• **WHAT IS REQUIRED**
Restate word for word the lines of the records below, starting at the line that contains "(* A nonincreasing" and ending at the line that contains "case: ifPn => ht.", with both of those lines included and nothing else.

(Records from a data source)

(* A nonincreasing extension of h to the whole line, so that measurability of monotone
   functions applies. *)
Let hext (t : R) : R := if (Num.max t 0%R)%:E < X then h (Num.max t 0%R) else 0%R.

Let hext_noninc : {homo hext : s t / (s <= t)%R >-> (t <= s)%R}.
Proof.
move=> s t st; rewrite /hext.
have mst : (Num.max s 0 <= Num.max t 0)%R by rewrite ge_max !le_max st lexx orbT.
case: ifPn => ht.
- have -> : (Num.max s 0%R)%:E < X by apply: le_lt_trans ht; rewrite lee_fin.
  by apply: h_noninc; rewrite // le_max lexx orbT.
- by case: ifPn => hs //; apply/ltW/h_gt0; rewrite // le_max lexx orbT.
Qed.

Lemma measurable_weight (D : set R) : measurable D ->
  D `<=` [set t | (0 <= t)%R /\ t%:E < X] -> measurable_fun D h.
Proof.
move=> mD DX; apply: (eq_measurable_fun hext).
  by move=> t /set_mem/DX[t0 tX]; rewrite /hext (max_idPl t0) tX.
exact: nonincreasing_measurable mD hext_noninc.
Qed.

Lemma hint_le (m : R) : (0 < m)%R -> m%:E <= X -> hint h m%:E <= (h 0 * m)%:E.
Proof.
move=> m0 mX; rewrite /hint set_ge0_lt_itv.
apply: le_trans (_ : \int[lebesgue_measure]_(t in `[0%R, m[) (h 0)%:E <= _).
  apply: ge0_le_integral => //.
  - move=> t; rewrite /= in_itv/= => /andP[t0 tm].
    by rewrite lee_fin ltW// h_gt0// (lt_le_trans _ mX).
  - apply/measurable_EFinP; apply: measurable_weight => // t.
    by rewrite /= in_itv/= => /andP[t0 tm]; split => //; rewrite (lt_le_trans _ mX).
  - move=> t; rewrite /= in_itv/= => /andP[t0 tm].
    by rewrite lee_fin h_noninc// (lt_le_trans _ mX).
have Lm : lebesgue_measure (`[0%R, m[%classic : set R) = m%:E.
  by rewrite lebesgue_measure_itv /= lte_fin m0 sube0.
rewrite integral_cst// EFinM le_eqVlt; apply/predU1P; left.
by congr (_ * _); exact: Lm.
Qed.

---

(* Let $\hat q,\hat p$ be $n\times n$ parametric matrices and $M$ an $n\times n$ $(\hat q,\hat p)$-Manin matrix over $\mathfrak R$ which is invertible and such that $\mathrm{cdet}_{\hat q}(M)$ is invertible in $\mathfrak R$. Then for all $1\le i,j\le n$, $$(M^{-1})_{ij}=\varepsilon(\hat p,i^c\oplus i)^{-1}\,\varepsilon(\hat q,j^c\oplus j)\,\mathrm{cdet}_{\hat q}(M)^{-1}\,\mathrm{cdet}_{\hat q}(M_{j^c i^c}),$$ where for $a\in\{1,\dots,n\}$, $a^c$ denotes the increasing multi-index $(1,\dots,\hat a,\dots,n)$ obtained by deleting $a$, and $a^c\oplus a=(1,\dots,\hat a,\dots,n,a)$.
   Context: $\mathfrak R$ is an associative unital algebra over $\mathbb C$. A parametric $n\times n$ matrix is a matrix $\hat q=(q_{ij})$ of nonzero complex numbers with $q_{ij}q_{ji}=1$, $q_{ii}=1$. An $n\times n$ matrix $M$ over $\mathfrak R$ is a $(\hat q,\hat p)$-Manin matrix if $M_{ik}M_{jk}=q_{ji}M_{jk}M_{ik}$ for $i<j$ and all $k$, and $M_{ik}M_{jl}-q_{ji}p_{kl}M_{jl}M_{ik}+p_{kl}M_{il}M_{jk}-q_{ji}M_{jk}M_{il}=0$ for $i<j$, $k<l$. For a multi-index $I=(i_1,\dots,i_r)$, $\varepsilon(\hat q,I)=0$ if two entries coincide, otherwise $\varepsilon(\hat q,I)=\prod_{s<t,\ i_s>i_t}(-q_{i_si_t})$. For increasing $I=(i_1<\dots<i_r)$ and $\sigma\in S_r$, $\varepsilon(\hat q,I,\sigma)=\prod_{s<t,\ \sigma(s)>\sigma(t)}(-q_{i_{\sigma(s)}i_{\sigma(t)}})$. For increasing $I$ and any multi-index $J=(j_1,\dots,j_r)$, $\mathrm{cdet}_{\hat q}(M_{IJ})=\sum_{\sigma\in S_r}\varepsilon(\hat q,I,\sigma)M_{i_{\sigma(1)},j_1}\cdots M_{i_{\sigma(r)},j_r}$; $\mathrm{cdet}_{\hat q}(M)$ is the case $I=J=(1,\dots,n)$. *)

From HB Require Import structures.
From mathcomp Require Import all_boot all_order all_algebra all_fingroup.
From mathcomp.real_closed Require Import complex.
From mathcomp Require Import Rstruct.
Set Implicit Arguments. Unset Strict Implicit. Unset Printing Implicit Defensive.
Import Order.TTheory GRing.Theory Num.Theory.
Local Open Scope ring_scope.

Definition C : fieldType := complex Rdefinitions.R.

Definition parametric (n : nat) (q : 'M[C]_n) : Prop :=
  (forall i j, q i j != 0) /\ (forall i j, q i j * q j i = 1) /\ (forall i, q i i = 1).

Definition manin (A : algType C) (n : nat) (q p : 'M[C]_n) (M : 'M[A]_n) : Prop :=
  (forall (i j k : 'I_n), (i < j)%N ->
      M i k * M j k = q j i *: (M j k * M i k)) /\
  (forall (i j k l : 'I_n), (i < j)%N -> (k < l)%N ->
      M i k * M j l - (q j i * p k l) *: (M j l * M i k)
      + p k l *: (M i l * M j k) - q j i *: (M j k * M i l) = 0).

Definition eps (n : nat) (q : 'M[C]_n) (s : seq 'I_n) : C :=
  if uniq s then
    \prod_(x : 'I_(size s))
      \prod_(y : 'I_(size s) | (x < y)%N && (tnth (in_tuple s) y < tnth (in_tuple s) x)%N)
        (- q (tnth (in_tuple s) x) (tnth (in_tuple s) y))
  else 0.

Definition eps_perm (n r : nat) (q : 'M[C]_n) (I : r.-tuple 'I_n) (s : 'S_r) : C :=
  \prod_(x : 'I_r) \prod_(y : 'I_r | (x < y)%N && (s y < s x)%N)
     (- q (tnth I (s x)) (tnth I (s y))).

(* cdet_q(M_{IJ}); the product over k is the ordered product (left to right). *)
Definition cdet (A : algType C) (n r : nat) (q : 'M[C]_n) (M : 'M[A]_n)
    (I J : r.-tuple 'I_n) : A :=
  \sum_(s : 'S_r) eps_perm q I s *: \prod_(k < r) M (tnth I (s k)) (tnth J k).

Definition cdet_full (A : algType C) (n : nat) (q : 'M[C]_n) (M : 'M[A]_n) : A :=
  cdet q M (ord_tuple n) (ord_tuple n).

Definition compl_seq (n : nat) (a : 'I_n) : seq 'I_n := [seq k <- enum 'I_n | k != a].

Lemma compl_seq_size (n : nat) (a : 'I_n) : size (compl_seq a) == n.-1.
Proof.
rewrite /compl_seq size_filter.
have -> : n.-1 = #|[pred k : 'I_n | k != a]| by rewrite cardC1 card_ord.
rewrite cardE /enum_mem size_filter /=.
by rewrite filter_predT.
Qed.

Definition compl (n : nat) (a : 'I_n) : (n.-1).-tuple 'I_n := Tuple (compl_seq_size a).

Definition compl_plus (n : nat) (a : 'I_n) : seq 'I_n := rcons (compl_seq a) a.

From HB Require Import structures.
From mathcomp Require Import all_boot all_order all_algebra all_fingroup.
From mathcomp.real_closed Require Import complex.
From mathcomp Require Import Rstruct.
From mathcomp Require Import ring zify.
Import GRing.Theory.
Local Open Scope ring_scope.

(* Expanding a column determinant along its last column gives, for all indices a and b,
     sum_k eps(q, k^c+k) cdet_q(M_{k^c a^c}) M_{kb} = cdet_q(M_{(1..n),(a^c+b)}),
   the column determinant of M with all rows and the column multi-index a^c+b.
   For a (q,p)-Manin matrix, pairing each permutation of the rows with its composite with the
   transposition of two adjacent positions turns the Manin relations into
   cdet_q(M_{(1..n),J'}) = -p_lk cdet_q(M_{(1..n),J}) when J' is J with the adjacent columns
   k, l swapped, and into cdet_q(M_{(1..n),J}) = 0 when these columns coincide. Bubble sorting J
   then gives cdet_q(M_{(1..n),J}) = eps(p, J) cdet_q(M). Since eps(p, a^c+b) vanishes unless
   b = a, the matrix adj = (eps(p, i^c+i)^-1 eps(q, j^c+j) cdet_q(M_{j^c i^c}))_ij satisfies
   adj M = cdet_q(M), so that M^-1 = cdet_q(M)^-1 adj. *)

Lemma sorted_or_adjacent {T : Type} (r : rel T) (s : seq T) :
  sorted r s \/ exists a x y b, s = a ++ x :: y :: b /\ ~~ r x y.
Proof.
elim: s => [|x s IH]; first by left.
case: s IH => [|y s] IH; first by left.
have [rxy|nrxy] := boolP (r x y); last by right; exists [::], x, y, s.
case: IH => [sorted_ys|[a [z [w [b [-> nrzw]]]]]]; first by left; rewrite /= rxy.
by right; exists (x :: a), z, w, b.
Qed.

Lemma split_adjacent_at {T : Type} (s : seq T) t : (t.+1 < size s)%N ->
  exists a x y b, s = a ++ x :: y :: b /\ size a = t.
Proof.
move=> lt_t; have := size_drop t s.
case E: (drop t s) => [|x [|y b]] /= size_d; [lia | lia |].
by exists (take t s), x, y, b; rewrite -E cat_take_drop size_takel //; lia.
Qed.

• **EXERCISE SOLUTION**
(* A nonincreasing extension of h to the whole line, so that measurability of monotone
   functions applies. *)
Let hext (t : R) : R := if (Num.max t 0%R)%:E < X then h (Num.max t 0%R) else 0%R.

Let hext_noninc : {homo hext : s t / (s <= t)%R >-> (t <= s)%R}.
Proof.
move=> s t st; rewrite /hext.
have mst : (Num.max s 0 <= Num.max t 0)%R by rewrite ge_max !le_max st lexx orbT.
case: ifPn => ht.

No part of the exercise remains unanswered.